• [Saved data entries]
━━━━

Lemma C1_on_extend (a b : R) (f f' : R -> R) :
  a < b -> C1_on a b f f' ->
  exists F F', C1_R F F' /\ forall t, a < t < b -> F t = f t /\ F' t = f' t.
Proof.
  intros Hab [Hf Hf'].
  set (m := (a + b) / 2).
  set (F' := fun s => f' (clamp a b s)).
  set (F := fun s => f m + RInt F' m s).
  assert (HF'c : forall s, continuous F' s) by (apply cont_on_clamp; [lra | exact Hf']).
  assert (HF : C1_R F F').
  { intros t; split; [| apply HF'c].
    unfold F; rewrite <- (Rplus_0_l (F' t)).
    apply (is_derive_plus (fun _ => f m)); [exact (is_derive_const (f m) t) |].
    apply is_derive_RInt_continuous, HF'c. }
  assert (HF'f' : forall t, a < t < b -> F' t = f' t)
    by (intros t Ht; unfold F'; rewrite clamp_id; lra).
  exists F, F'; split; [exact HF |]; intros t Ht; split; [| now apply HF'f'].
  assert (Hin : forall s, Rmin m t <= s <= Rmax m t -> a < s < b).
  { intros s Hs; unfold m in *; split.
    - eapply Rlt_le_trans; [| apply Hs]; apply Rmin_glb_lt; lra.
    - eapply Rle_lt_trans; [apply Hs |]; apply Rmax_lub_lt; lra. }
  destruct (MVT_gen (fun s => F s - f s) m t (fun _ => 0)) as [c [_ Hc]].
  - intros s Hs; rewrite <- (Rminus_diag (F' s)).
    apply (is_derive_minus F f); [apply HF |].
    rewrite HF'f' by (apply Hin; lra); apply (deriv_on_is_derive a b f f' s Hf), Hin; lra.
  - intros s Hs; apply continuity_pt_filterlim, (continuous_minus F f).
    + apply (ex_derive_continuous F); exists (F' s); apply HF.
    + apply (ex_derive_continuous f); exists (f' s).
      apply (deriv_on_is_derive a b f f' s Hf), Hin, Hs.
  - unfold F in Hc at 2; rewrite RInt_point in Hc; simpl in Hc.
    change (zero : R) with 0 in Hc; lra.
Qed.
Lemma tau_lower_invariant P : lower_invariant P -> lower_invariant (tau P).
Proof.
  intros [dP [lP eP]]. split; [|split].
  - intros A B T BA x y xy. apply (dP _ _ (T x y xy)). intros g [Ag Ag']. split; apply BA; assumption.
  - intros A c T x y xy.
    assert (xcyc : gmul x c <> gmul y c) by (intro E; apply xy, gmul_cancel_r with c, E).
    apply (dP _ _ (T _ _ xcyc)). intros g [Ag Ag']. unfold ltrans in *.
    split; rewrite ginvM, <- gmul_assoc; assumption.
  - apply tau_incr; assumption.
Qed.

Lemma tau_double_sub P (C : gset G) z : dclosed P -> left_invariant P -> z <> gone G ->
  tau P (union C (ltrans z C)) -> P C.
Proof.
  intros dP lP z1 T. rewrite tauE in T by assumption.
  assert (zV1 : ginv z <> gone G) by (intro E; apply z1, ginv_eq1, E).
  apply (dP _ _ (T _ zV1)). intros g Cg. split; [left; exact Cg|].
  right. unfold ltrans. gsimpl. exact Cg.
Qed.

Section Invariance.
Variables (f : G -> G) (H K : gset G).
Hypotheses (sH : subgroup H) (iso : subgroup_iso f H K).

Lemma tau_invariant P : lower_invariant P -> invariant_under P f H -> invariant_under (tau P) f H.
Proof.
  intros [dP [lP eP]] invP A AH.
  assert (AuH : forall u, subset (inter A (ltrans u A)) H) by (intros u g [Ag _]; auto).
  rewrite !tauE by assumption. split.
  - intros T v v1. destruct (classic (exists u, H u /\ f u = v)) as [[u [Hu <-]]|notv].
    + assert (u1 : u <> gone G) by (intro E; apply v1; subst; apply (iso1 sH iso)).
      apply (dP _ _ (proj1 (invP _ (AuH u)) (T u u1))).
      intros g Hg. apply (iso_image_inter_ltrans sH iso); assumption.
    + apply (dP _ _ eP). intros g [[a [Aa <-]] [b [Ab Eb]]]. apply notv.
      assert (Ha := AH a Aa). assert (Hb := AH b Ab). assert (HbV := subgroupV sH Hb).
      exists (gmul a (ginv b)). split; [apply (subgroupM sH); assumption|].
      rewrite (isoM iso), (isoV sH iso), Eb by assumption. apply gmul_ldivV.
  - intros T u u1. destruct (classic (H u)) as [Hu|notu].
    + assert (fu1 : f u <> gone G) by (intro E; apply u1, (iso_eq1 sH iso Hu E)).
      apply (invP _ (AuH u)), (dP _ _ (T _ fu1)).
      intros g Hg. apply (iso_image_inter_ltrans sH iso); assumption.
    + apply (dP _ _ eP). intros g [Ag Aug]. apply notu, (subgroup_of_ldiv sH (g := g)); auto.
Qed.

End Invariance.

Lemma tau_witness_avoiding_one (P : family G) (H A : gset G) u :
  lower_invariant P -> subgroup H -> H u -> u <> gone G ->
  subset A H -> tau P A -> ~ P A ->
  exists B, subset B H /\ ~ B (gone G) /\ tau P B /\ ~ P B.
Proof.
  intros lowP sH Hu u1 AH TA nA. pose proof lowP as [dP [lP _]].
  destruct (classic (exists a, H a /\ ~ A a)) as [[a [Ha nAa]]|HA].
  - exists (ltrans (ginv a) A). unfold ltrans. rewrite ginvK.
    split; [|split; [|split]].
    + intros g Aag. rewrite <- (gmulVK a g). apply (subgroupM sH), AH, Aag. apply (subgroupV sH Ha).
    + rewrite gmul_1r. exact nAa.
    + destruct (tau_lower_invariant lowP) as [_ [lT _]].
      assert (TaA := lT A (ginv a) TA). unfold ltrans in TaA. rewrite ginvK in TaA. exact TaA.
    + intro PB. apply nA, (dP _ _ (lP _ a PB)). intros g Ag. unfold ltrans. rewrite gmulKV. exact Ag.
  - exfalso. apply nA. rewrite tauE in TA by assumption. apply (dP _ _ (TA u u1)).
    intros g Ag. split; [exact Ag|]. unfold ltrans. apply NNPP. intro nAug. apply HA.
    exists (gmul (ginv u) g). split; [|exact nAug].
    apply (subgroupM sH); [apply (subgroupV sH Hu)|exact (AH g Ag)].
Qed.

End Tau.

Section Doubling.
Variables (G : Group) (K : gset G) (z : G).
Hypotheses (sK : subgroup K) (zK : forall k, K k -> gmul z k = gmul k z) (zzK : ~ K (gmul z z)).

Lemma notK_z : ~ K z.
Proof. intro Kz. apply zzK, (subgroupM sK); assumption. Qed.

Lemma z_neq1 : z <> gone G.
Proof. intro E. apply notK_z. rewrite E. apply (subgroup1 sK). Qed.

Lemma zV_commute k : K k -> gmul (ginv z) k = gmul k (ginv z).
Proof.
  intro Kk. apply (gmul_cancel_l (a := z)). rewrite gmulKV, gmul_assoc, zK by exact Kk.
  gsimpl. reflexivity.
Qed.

━━━━

• [Task statement] Only the lines above from the line containing "apply (invP _" through the line containing "Lemma tau_witness_avoiding_one (P" should be retyped, exactly and with both ends included.

• [Problem solution]
      apply (invP _ (AuH u)), (dP _ _ (T _ fu1)).
      intros g Hg. apply (iso_image_inter_ltrans sH iso); assumption.
    + apply (dP _ _ eP). intros g [Ag Aug]. apply notu, (subgroup_of_ldiv sH (g := g)); auto.
Qed.

End Invariance.

Lemma tau_witness_avoiding_one (P : family G) (H A : gset G) u :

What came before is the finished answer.